## Problem description
Please copy out every line in the records below that includes the word "pose".

Stored items:

========

(* Maximum principle: an upper bound on the initial datum persists for all
   positive times along the heat flow.  The energy
   sum_j d_j^r ((y_j - K)_+)^2 starts at 0 and is nonincreasing. *)
Lemma max_principle (y : R -> nat -> R) K :
  (forall t j, (j < n)%nat -> derivable_pt_lim (fun s => y s j) t (- Lap n w r (y t) j)) ->
  (forall j, (j < n)%nat -> y 0 j <= K) ->
  forall t j, 0 <= t -> (j < n)%nat -> y t j <= K.
Proof.
  intros Hd H0 t j Ht Hj.
  set (E := fun s => sumV n (fun j => dr j * pos_sq (y s j - K))).
  set (E' := fun s => - 2 * ip (Lap n w r (y s)) (fun j => Rmax (y s j - K) 0)).
  assert (DE : forall s, derivable_pt_lim E s (E' s)).
  { intros s. unfold E', ip. rewrite <- sumV_scal. unfold E.
    apply (deriv_sumV n (fun j s => dr j * pos_sq (y s j - K))). intros k Hk.
    replace (-2 * (dr k * Lap n w r (y s) k * Rmax (y s k - K) 0))
      with (dr k * (2 * Rmax (y s k - K) 0 * (- Lap n w r (y s) k - 0))) by ring.
    apply derivable_pt_lim_scal.
    apply (derivable_pt_lim_comp (fun s => y s k - K) pos_sq).
    - apply derivable_pt_lim_minus; [auto|apply derivable_pt_lim_const].
    - apply pos_sq_deriv. }
  assert (E_nonneg : forall s, 0 <= E s).
  { intros s. apply sumV_nonneg. intros k _.
    apply Rmult_le_pos; [left; apply dr_pos|apply pos_sq_nonneg]. }
  assert (E0 : E 0 = 0).
  { unfold E. transitivity (sumV n (fun _ => 0)); [|apply sumV_zero].
    apply sumV_ext. intros k Hk.
    rewrite (proj2 (pos_sq_zero (y 0 k - K))) by (pose proof (H0 k Hk); lra). ring. }
  assert (Et : E t = 0).
  { destruct (Req_dec t 0) as [->|Htn]; [exact E0|].
    destruct (MVT_cor2 E E' 0 t) as [c [Hc _]]; [lra|intros; apply DE|].
    assert (E'c : E' c <= 0) by (unfold E'; pose proof (Lap_pos_part_nonneg (y c) K); lra).
    pose proof (E_nonneg t). rewrite E0 in Hc. nra. }
  pose proof (sumV_zero_nonneg n _
    (fun k _ => Rmult_le_pos _ _ (Rlt_le _ _ (dr_pos k)) (pos_sq_nonneg (y t k - K))) Et j Hj) as Z.
  apply Rmult_integral in Z. destruct Z as [Z|Z].
  - pose proof (dr_pos j). lra.
  - apply pos_sq_zero in Z. lra.
Qed.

========

## Output for this task
    rewrite (proj2 (pos_sq_zero (y 0 k - K))) by (pose proof (H0 k Hk); lra). ring. }
    assert (E'c : E' c <= 0) by (unfold E'; pose proof (Lap_pos_part_nonneg (y c) K); lra).
    pose proof (E_nonneg t). rewrite E0 in Hc. nra. }
  pose proof (sumV_zero_nonneg n _
  - pose proof (dr_pos j). lra.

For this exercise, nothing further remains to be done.